Diplomatic Courtship & Media Operations: Pakistan will seek fresh UN/OIC attention, revive calls for third-party investigation, and push narratives of Indian aggression to global audiences. Internationalisation remains a core agenda. Perhaps, we should not be worried by this and it may pay dividends if we take this on frontally.
Air Defence: Pakistan may embark on strengthening its air defence systems since that proved a grey area. Continued drills are likely, possibly showcasing newer air defence systems, to reinforce deterrence narratives to both domestic and external audiences.
Military Primacy: Using these confrontations to distract from internal issues, Pakistan may promote military primacy as a unifying force while shifting discussion away from economic fragility.

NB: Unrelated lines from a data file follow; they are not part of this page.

(* Let $(M,w)$ be an oriented Poisson manifold, $g$ a Riemannian metric on $M$, $dV_g=\sqrt{\det g}\,dx^1\wedge\cdots\wedge dx^n$, and $\Phi=(\det g)\,dx^1\wedge\cdots\wedge dx^n\wedge dy^1\wedge\cdots\wedge dy^n$, a volume form on $TM$. Then the modular vector field of $(TM,w^C,\Phi)$ is $$\Delta^{TM}_\Phi=2\,(\Delta^M_{dV_g})^V,$$ where $\Delta^M_{dV_g}=\sum_k\left(\frac{\partial w^{ik}}{\partial x^k}+w^{ik}\frac{\partial\ln\sqrt{\det g}}{\partial x^k}\right)\frac{\partial}{\partial x^i}$ is the modular vector field of $(M,w,dV_g)$.
   Context: Coordinates $(x^i)$ on $M$, induced coordinates $(x^i,y^i)$ on $TM$. $w=\frac12w^{ij}\partial_{x^i}\wedge\partial_{x^j}$ and its complete lift $w^C=w^{ij}\partial_{x^i}\wedge\partial_{y^j}+\frac12y^k\frac{\partial w^{ij}}{\partial x^k}\partial_{y^i}\wedge\partial_{y^j}$. For a Poisson manifold $(N,\Pi)$ with volume form $\mu$, the Hamiltonian vector field is $X_f=\{f,\cdot\}_\Pi$ (on $M$: $X_f=\frac{\partial f}{\partial x^i}w^{ij}\partial_{x^j}$), the divergence is defined by $\mathcal L_X\mu=(\mathrm{div}_\mu X)\mu$, and the modular vector field $\Delta_\mu$ is the vector field $f\mapsto\mathrm{div}_\mu X_f$. The vertical lift of $X=X^i\partial_{x^i}$ is $X^V=X^i\partial_{y^i}$. *)

From HB Require Import structures.
From mathcomp Require Import all_boot all_order all_algebra.
From mathcomp Require Import all_classical all_reals all_analysis.
Set Implicit Arguments. Unset Strict Implicit. Unset Printing Implicit Defensive.
Import Order.TTheory GRing.Theory Num.Theory.
Import numFieldNormedType.Exports.
Local Open Scope classical_set_scope.
Local Open Scope ring_scope.

Section Defs.
Variable R : realType.

Definition unitv (N : nat) (i : 'I_N) : 'rV[R]_N := delta_mx 0 i.

Definition pd (N : nat) (i : 'I_N) (f : 'rV[R]_N -> R) : 'rV[R]_N -> R :=
  fun z => 'D_(unitv i) f z.

Fixpoint iter_pd (N : nat) (s : seq 'I_N) (f : 'rV[R]_N -> R) : 'rV[R]_N -> R :=
  match s with
  | [::] => f
  | i :: s' => pd i (iter_pd s' f)
  end.

Definition smooth_on (N : nat) (U : set 'rV[R]_N) (f : 'rV[R]_N -> R) : Prop :=
  forall (s : seq 'I_N) (x : 'rV[R]_N), U x ->
    {for x, continuous (iter_pd s f)} /\
    (forall i : 'I_N, derivable (iter_pd s f) x (unitv i)).

Definition coordf (N : nat) (i : 'I_N) : 'rV[R]_N -> R := fun z => z 0 i.

Definition vf_apply (N : nat) (X : 'I_N -> 'rV[R]_N -> R) (f : 'rV[R]_N -> R)
  : 'rV[R]_N -> R := fun z => \sum_(a < N) X a z * pd a f z.

(* Hamiltonian vector field X_f = {f, .} of the bivector
   Pi = 1/2 Pi^{ab} d_a /\ d_b (Pi antisymmetric):  X_f^b = sum_a Pi^{ab} d_a f *)
Definition ham (N : nat) (Pi : 'rV[R]_N -> 'M[R]_N) (f : 'rV[R]_N -> R)
  : 'I_N -> 'rV[R]_N -> R :=
  fun b z => \sum_(a < N) pd a f z * Pi z a b.

(* Divergence w.r.t. the volume form mu = rho dz^1 /\ ... /\ dz^N (rho > 0):
   L_X mu = d(i_X mu) = (sum_a d_a (rho X^a)) dz^1..dz^N, hence
   div_mu X = rho^-1 sum_a d_a (rho X^a). *)
Definition divergence (N : nat) (rho : 'rV[R]_N -> R) (X : 'I_N -> 'rV[R]_N -> R)
  : 'rV[R]_N -> R :=
  fun z => (rho z)^-1 * \sum_(a < N) pd a (fun y => rho y * X a y) z.

(* Modular vector field of (R^N, Pi, rho dz), as the operator f |-> div X_f *)
Definition modular (N : nat) (rho : 'rV[R]_N -> R) (Pi : 'rV[R]_N -> 'M[R]_N)
  (f : 'rV[R]_N -> R) : 'rV[R]_N -> R := divergence rho (ham Pi f).

Definition modular_comp (N : nat) (rho : 'rV[R]_N -> R) (Pi : 'rV[R]_N -> 'M[R]_N)
  (i : 'I_N) : 'rV[R]_N -> R := modular rho Pi (coordf i).

(* Tangent bundle coordinates z = (x, y) in R^(n+n) *)
Definition xpart (n : nat) (z : 'rV[R]_(n + n)) : 'rV[R]_n := lsubmx z.
Definition ypart (n : nat) (z : 'rV[R]_(n + n)) : 'rV[R]_n := rsubmx z.

(* Complete lift of w = 1/2 w^{ij} d_i /\ d_j :
   w^C = w^{ij} d_{x^i} /\ d_{y^j} + 1/2 y^k d_k w^{ij} d_{y^i} /\ d_{y^j},
   written as the antisymmetric coefficient matrix Pi^{ab} on (x,y). *)
Definition complete_lift (n : nat) (w : 'rV[R]_n -> 'M[R]_n)
  : 'rV[R]_(n + n) -> 'M[R]_(n + n) :=
  fun z => block_mx 0 (w (xpart z)) (- (w (xpart z))^T)
     (\matrix_(i < n, j < n)
        \sum_(k < n) ypart z 0 k * pd k (fun x => w x i j) (xpart z)).

Definition vertical_lift (n : nat) (X : 'I_n -> 'rV[R]_n -> R)
  : 'I_(n + n) -> 'rV[R]_(n + n) -> R :=
  fun a z => match fintype.split a with
             | inl _ => 0
             | inr i => X i (xpart z)
             end.

Definition poisson_on (n : nat) (U : set 'rV[R]_n) (w : 'rV[R]_n -> 'M[R]_n) : Prop :=
  (forall i j, smooth_on U (fun x => w x i j)) /\
  (forall x, U x -> forall i j, w x i j = - w x j i) /\
  (forall x, U x -> forall i j k,
     \sum_(l < n) (w x i l * pd l (fun y => w y j k) x
                 + w x j l * pd l (fun y => w y k i) x
                 + w x k l * pd l (fun y => w y i j) x) = 0).

Definition riemannian_on (n : nat) (U : set 'rV[R]_n) (g : 'rV[R]_n -> 'M[R]_n) : Prop :=
  (forall i j, smooth_on U (fun x => g x i j)) /\
  (forall x, U x -> (g x)^T = g x) /\
  (forall x, U x -> forall v : 'rV[R]_n, v != 0 -> 0 < (v *m g x *m v^T) 0 0).

Definition dVg (n : nat) (g : 'rV[R]_n -> 'M[R]_n) : 'rV[R]_n -> R :=
  fun x => Num.sqrt (\det (g x)).
Definition PhiTM (n : nat) (g : 'rV[R]_n -> 'M[R]_n) : 'rV[R]_(n + n) -> R :=
  fun z => \det (g (xpart z)).

End Defs.

From HB Require Import structures.
From mathcomp Require Import all_boot all_order all_algebra.
From mathcomp Require Import all_classical all_reals all_analysis.
From mathcomp Require Import ring.
Import Order.TTheory GRing.Theory Num.Theory.
Import numFieldNormedType.Exports.
Local Open Scope classical_set_scope.
Local Open Scope ring_scope.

Escalation Threshold Testing: LoC artillery skirmishes, occasional drone intrusions and cyberattacks designed to test India’s response and maintain pressure could form part of an emboldened stance after the passage of a certain quantum of time. The credibility of Pakistan’s approach in the eyes of other nations would be perceived to lie in ensuring that triggers for resumption of terrorist activities are delayed as much as possible.
Legal and Diplomatic Warfare: As part of hybrid lawfare, Pakistan may petition international courts, or push UN Special Rapporteurs to investigate Kashmir. The results may not fructify but media references and international attention will remain focused. We should expect the Indus Waters Treaty to gain primacy in Pakistan’s various international interventions and be prepared for it. Every Indian mission abroad should be knowledge empowered on this and J&K.

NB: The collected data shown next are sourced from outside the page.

Lemma lower_boundary_Kalpha_sub_image {R : realType} {d : nat} {K : set 'rV[R]_d}
    {eps M : R} {x0 c : 'rV[R]_d} (i : Ipm d) :
  convex_set K -> (forall x, K x -> enorm x <= M) -> K x0 -> 0 < eps ->
  (forall w, enorm w <= eps / 24 ^+ d -> K (c + w)) ->
  lower_boundary (Kalpha K i (2 * eps)) i `<=`
    (graph_point K i \o homothety c (1 + 3 * 24 ^+ d)) @` eboundary K.
Proof.
move=> Kconvex KM Kx0 eps_gt0 ball x lbx.
have [z Kz xz] := eclosure_Kalpha_thick lbx.1.1 _ eps_gt0.
have [k Kk x_hom] : exists2 k, K k & proj i x = proj i (homothety c (1 + 3 * 24 ^+ d) k).
  have -> : 3 * 24 ^+ d = 3 * eps / (eps / 24 ^+ d) :> R.
    by field; rewrite !gt_eqF ?exprn_gt0.
  apply: (thick_proj_homothety Kconvex _ _ ball Kz);
    rewrite ?divr_gt0 ?mulr_gt0 ?exprn_gt0 ?dot_proj_eI //.
  by move: xz; lra.
have [b [b_bd pb]] := exists_boundary_above i KM Kk.
exists b => //=; rewrite -(lower_boundary_Kalpha_graph KM Kx0 lbx) /graph_point.
by rewrite !proj_homothety pb -proj_homothety -x_hom.
Qed.

Theorem lemma1 (R : realType) (d : nat) :
  exists C : R, 0 < C /\
    forall (K : set 'rV[R]_d) (eps : R),
      convex_body K -> 0 < eps ->
      (forall u : 'rV[R]_d, enorm u = 1 -> eps <= width K u) ->
      forall i : Ipm d,
        (area_lower (Kalpha K i (2 * eps)) i <= C%:E * area K)%E.
Proof.
pose lam : R := 1 + 3 * 24 ^+ d.
have lam_gt0 : 0 < lam by rewrite ltr_wpDr ?mulr_ge0 ?exprn_ge0.
have L_gt0 : 0 < (1 + d%:R) * lam by rewrite mulr_gt0 ?ltr_wpDr.
exists (((1 + d%:R) * lam) ^+ d.-1); split; first by rewrite exprn_gt0.
move=> K eps [Kconvex _ [M KM] [x0 [r r_gt0 ball_x0]]] eps_gt0 Kwidth i.
have Kx0 : K x0 by apply: ball_x0; rewrite /eball /= subrr enorm0.
have [c ball] := convex_contains_ball Kconvex KM Kx0 eps_gt0 Kwidth.
have sub := lower_boundary_Kalpha_sub_image i Kconvex KM Kx0 eps_gt0 ball.
rewrite /area_lower /area; apply: le_trans (le_hausdorff _ sub) _.
apply: hausdorff_lipschitz_image => // y y'.
apply: le_trans (graph_point_lipschitz KM Kx0 _ _) _.
by rewrite homothety_lipschitz gtr0_norm // mulrA.
Qed.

Diaspora Diplomacy: Pakistan could use the UK, US, and Canadian Kashmiri communities to lobby politicians and insert Kashmir into foreign parliamentary debates. We could better this with the size and influence of the Indian diaspora.
Common sense approach to the situation tends to relegate Pakistan’s kinetic options. These will be riskier, but will not come off the table because Pakistani irrationality won’t let it. While not strictly necessary, Pakistan may still consider calibrated violence, especially for short-term shock value or bargaining leverage. Covert strikes on high-profile Indian assets, even outside J&K could still be tempting, if confidence of terrorists is high.
There could be attempts at high-impact, low-footprint attacks targeting senior Indian security or political personnel in Kashmir via proxies. Reasserting Pakistan’s reach and relevance and provoking Indian military ‘overreaction’ could be conceived as helpful to Pakistan to win global sympathy.
There could also be high profile infiltration via LoC with special teams to attack critical infrastructure like power grids or military installations with rapid withdrawal. There could also be attempts at raids on villages along the Jammu–Kathua belt, with the Hamas inspiration of October 7.
Pakistan sees itself as having weathered the storm that it created—Pakistan backed proxies sparked the crisis, India retaliated, Pakistan responded hard, and global attention ensued. The net result, as per Pakistan’s projected perception, is it preserved deterrence, enhanced military credibility, and gathered diplomatic ammunition.
An overt Chinese involvement in the immediate future is unlikely although every India-Pakistan armed standoff gives China opportunities to strategise.
Going forward, Pakistan is likely to persist with asymmetric operations, narrative shaping, and calibrated brinkmanship, jockeying to shape the security environment without crossing nuclear red lines. An Operation Sindoor 2 will obviously be high in the minds of our military planners. The predictability syndrome of action-reaction will need to be broken by our greater focus on pro-active operations including influence and information-based operations.